Ab Freitag gelten in Deya, einem beliebten Ferienort auf Mallorca, Wasserrestriktionen. Betroffen sind unter anderem das Hotel La Residencia und weitere Bereiche der Gemeinde. An Montagen, Mittwochs und Freitagen wird die Wasserversorgung eingeschränkt. Die Maßnahmen bleiben so lange in Kraft, bis wieder ausreichend Wasser zur Verfügung steht, um den normalen Betrieb zu gewährleisten.
Besonders während der Hochsaison erreicht der Wasserverbrauch alarmierende Werte.
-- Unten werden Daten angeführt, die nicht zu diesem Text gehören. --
Lemma ord_trans_all c : forall a b,
  (ord_le a b -> ord_le b c -> ord_le a c) /\
  (ord_lt a b -> ord_le b c -> ord_lt a c) /\
  (ord_le a b -> ord_lt b c -> ord_lt a c).
Proof.
have close : forall c, (forall a b, ord_le a b -> ord_lt b c -> ord_lt a c) ->
    forall a b, (ord_le a b -> ord_le b c -> ord_le a c) /\
      (ord_lt a b -> ord_le b c -> ord_lt a c) /\
      (ord_le a b -> ord_lt b c -> ord_lt a c).
  by move=> {}c T3 a b; case: (ord_trans_below T3) => T2 T1; split; [|split]; eauto.
elim: c => [|c IH|f IH]; apply: close => a b H1 H2.
- by case: (lt_Z_inv H2).
- by constructor; apply: (proj1 (IH a b)) H1 (lt_S_inv H2).
- case: (lt_L_inv H2) => n Hn; apply: olt_L.
  exact: (proj2 (proj2 (IH n a b))) H1 Hn.
Qed.

Lemma ole_trans a b c : ord_le a b -> ord_le b c -> ord_le a c.
Proof. exact: (proj1 (ord_trans_all c a b)). Qed.
Lemma olt_le_trans a b c : ord_lt a b -> ord_le b c -> ord_lt a c.
Proof. exact: (proj1 (proj2 (ord_trans_all c a b))). Qed.
Lemma ole_lt_trans a b c : ord_le a b -> ord_lt b c -> ord_lt a c.
Proof. exact: (proj2 (proj2 (ord_trans_all c a b))). Qed.

Lemma ole_OL a f n : ord_le a (f n) -> ord_le a (OL f).
Proof.
elim: a f n => [|a IHa|g IHg] f n H; constructor.
- by apply: olt_L; exact: le_S_inv H.
- by move=> m; exact: IHg m f n (le_L_inv H m).
Qed.

Lemma ole_refl a : ord_le a a.
Proof.
elim: a => [|a IHa|g IHg]; do ! constructor => //.
by move=> n; apply: ole_OL (IHg n).
Qed.

Lemma ole_succ b : ord_le b (OS b).
Proof.
elim: b => [|b IHb|g IHg]; do ! constructor => //.
move=> n; apply: ole_trans (IHg n) _.
by do 2 constructor; apply: ole_OL (ole_refl (g n)).
Qed.

Lemma olt_le a b : ord_lt a b -> ord_le a b.
Proof.
elim: b a => [|b IHb|g IHg] a H.
- by case: (lt_Z_inv H).
- exact: ole_trans (lt_S_inv H) (ole_succ b).
- by case: (lt_L_inv H) => n Hn; apply: ole_OL (IHg n a Hn).
Qed.

Lemma olt_irrefl a : ~ ord_lt a a.
Proof.
elim: a => [|a IHa|g IHg] H.
- exact: lt_Z_inv H.
- exact: IHa (le_S_inv (lt_S_inv H)).
- case: (lt_L_inv H) => n Hn; apply: (IHg n).
  exact: ole_lt_trans (ole_OL (ole_refl (g n))) Hn.
Qed.

Lemma lt0_or_le0 b : ord_lt OZ b \/ ord_le b OZ.
Proof.
elim: b => [|b _|g IHg]; first by right; constructor.
  by left; do 2 constructor.
case: (classic (exists n, ord_lt OZ (g n))) => [[n Hn]|Hn].
  by left; apply: olt_L Hn.
right; constructor=> n; case: (IHg n) => // H; case: Hn; eauto.
Qed.

Lemma ord_total_both a : forall b,
  (ord_le a b \/ ord_lt b a) /\ (ord_lt a b \/ ord_le b a).
Proof.
have Hsup : forall s (g : nat -> Ord), (forall n, ord_lt s (g n) \/ ord_le (g n) s) ->
    ord_lt s (OL g) \/ ord_le (OL g) s.
  move=> s g IHg; case: (classic (exists n, ord_lt s (g n))) => [[n Hn]|Hn].
    by left; apply: olt_L Hn.
  right; constructor=> n; case: (IHg n) => // H; case: Hn; eauto.
elim: a => [|a IHa|f IHf] b.
- by split; [left; constructor|exact: lt0_or_le0].
- split.
    by case: (proj2 (IHa b)) => H; [left|right]; constructor.
  elim: b => [|b _|g IHg]; first by right; constructor.
    by case: (proj2 (IHa b)) => H; [left|right]; do 2 constructor.
  exact: Hsup.
- have Hle : forall b, ord_le (OL f) b \/ ord_lt b (OL f).
    move=> c; case: (classic (forall n, ord_le (f n) c)) => [H|/not_all_ex_not [n Hn]].
      by left; constructor.
    by case: (proj1 (IHf n c)) => // H; right; apply: olt_L H.
  split; first exact: Hle.
  elim: b => [|b _|g IHg]; first by right; constructor.
    by case: (Hle b) => H; [left|right]; constructor.
  exact: Hsup.
Qed.

Lemma ord_total a b : ord_le a b \/ ord_lt b a.
Proof. exact: (proj1 (ord_total_both a b)). Qed.

Definition ord_join (a b : Ord) : Ord := OL (fun n => if n is 0 then a else b).

Lemma ord_join_l a b : ord_le a (ord_join a b).
Proof. exact: (@ole_OL a _ 0 (ole_refl a)). Qed.
Lemma ord_join_r a b : ord_le b (ord_join a b).
Proof. exact: (@ole_OL b _ 1 (ole_refl b)). Qed.

Section LinearOrder.
Variable A : LinOrd.
Implicit Types x y z t u v w : A.

Lemma rle_refl x : rle x x.
Proof. by left. Qed.

Lemma rle_trans x y z : rle x y -> rle y z -> rle x z.
Proof.
by move=> [->|H1] [<-|H2]; [left|right|right|right; exact: rlt_trans H1 H2].
Qed.

Lemma rle_total x y : rle x y \/ rle y x.
Proof. by case: (rlt_total x y) => [H|[H|H]]; [left; right|left; left|right; right]. Qed.

Lemma rle_antisym x y : rle x y -> rle y x -> x = y.
Proof. by move=> [//|H1] [//|H2]; case: (rlt_irr (rlt_trans H1 H2)). Qed.

Lemma nlt_rle x y : ~ rlt x y -> rle y x.
Proof. by case: (rlt_total x y) => [H|[->|H]] Hn; [case: Hn|left|right]. Qed.

Lemma between_sym x y z : between x y z -> between y x z.
Proof. rewrite /between; tauto. Qed.

Lemma between_norm x y z : rle x y -> between x y z -> rle x z /\ rle z y.
Proof. by move=> Hxy [//|[H1 H2]]; split; [exact: rle_trans Hxy H1|exact: rle_trans H2 Hxy]. Qed.

Lemma between_l x y : between x y x.
Proof. by case: (rle_total x y) => H; [left|right]; split; auto using rle_refl. Qed.

Lemma between_r x y : between x y y.
Proof. by case: (rle_total x y) => H; [left|right]; split; auto using rle_refl. Qed.

Lemma between_xx x z : between x x z -> z = x.
Proof. by move=> [[H1 H2]|[H1 H2]]; apply: rle_antisym. Qed.

Lemma between_sub x y u v t :
  between x y u -> between x y v -> between u v t -> between x y t.
Proof.
wlog Hxy : x y / rle x y.
  move=> W; case: (rle_total x y) => [|Hyx]; first exact: W.
  by move=> /between_sym Hu /between_sym Hv Ht; apply/between_sym; exact: W Hu Hv Ht.
move=> /(between_norm Hxy) [Hu1 Hu2] /(between_norm Hxy) [Hv1 Hv2] Ht.
by left; case: Ht => [[H1 H2]|[H1 H2]]; split; eauto using rle_trans.
Qed.

Lemma between_split x y z t : between x z t -> between x y t \/ between y z t.
Proof.
case: (rle_total t y) => Hty [[H1 H2]|[H1 H2]];
  by [left; left|right; right|right; left|left; right].
Qed.

Lemma between_mid c u v t : between c u t -> between c v u -> between t v u.
Proof.
case: (rle_total c v) => Hcv Ht Hu.
- case: (between_norm Hcv Hu) => H1 H2.
  by case: (between_norm H1 Ht) => H3 H4; left.
- case: (between_norm Hcv (between_sym Hu)) => H1 H2.
  by case: (between_norm H2 (between_sym Ht)) => H3 H4; right.
Qed.

Lemma sim_refl b x : sim b x x.
Proof.
elim: b x => [|b IH|f IH] x //=; last by exists 0%N; exact: IH.
by exists (x :: nil) => z /between_xx ->; exists x; split; [left|exact: IH].
Qed.

Lemma sim_sym b x y : sim b x y -> sim b y x.
Proof.
elim: b x y => [|b IH|f IH] x y /=; first by [].
- by move=> [l Hl]; exists l => z /between_sym; exact: Hl.
- by move=> [n Hn]; exists n; exact: IH.
Qed.

Lemma sim_conv b x y u v : sim b x y -> between x y u -> between x y v -> sim b u v.
Proof.
elim: b x y u v => [|b IH|f IH] x y u v /=.
- by move=> -> /between_xx -> /between_xx ->.
- by move=> [l Hl] Hu Hv; exists l => z Hz; exact: Hl (between_sub Hu Hv Hz).
- by move=> [n Hn] Hu Hv; exists n; exact: IH Hn Hu Hv.
Qed.

Lemma sim_mono_S a b x y : (forall x y, sim a x y -> sim b x y) ->
  sim (OS a) x y -> sim (OS b) x y.
Proof.
move=> Hab [l Hl]; exists l => z /Hl [w [Hw Hs]]; exists w; split; auto.
Qed.

Scheme le_mut := Induction for ord_le Sort Prop
with lt_mut := Induction for ord_lt Sort Prop.

Lemma sim_le a b x y : ord_le a b -> sim a x y -> sim b x y.
Proof.
move=> H; move: x y; elim H using le_mut with
  (P0 := fun a b _ => forall x y : A, sim (OS a) x y -> sim b x y).
- by move=> c x y /= ->; exact: sim_refl.
- by move=> a' c _ IH x y Hs; exact: IH.
- by move=> f c _ IH x y [n Hn]; exact: IH Hn.
- by move=> a' c _ IH x y Hs; exact: sim_mono_S IH Hs.
- by move=> a' f n _ IH x y Hs; exists n; exact: IH.
Qed.

(* Transitivity: at successors the covers concatenate; at limits both pairs
   are related at the larger of the two stages. *)
Lemma sim_trans b x y z : sim b x y -> sim b y z -> sim b x z.
Proof.
elim: b x y z => [|b IH|f IH] x y z /=.
- by move=> -> ->.
- move=> [l1 H1] [l2 H2]; exists (l1 ++ l2)%list => t /(between_split y) [H|H].
    by case: (H1 t H) => w [Hw Hs]; exists w; split; [apply: List.in_or_app; left|].
  by case: (H2 t H) => w [Hw Hs]; exists w; split; [apply: List.in_or_app; right|].
- move=> [n Hn] [m Hm]; case: (ord_total (f n) (f m)) => H.
    by exists m; apply: IH (sim_le H Hn) Hm.
  by exists n; apply: IH Hn (sim_le (olt_le H) Hm).
Qed.

End LinearOrder.

Definition one_class (X : LinOrd) (b : Ord) : Prop := forall u v : X, sim b u v.

Lemma one_class_le (X : LinOrd) a b : ord_le a b -> one_class X a -> one_class X b.
Proof. by move=> Hab H u v; exact: sim_le Hab (H u v). Qed.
Ein Tourist in einem Luxushotel verbraucht täglich zwischen 700 und 1.000 Liter Wasser – ein Vielfaches des nationalen Durchschnitts von 128 Litern pro Haushalt. Ähnlich hohe Verbräuche werden auch in Palma, Granada und auf Teneriffa registriert.
Fehlmanagement verschärft Wasserknappheit auf Mallorca
Maribel Cerezo, Direktorin des Masterstudiengangs für Umwelttechnik an der Internationalen Universität von Valencia, macht Misswirtschaft und fehlende Infrastruktur für die aktuelle Lage verantwortlich. Sie kritisiert, dass Verwaltungen auf wetterbedingte Improvisationen setzen statt auf nachhaltiges Wassermanagement.
Cerezo weist die Schuld nicht direkt Hotels oder Golfplätzen zu, sondern betont die Politisierung der Wasserressourcen. Notmaßnahmen wie der Einsatz von Wassertankwagen verschöben die Kosten lediglich in die Zukunft. Dies belaste die Grundwasservorräte erheblich – ähnlich der Situation in der Provinz Alicante, wo Übernutzung zu Salzwassereindringen führt. Auch die Beschränkungen beim Tajo-Segura-Wassertransfer belasten die lokalen Bauern zusätzlich.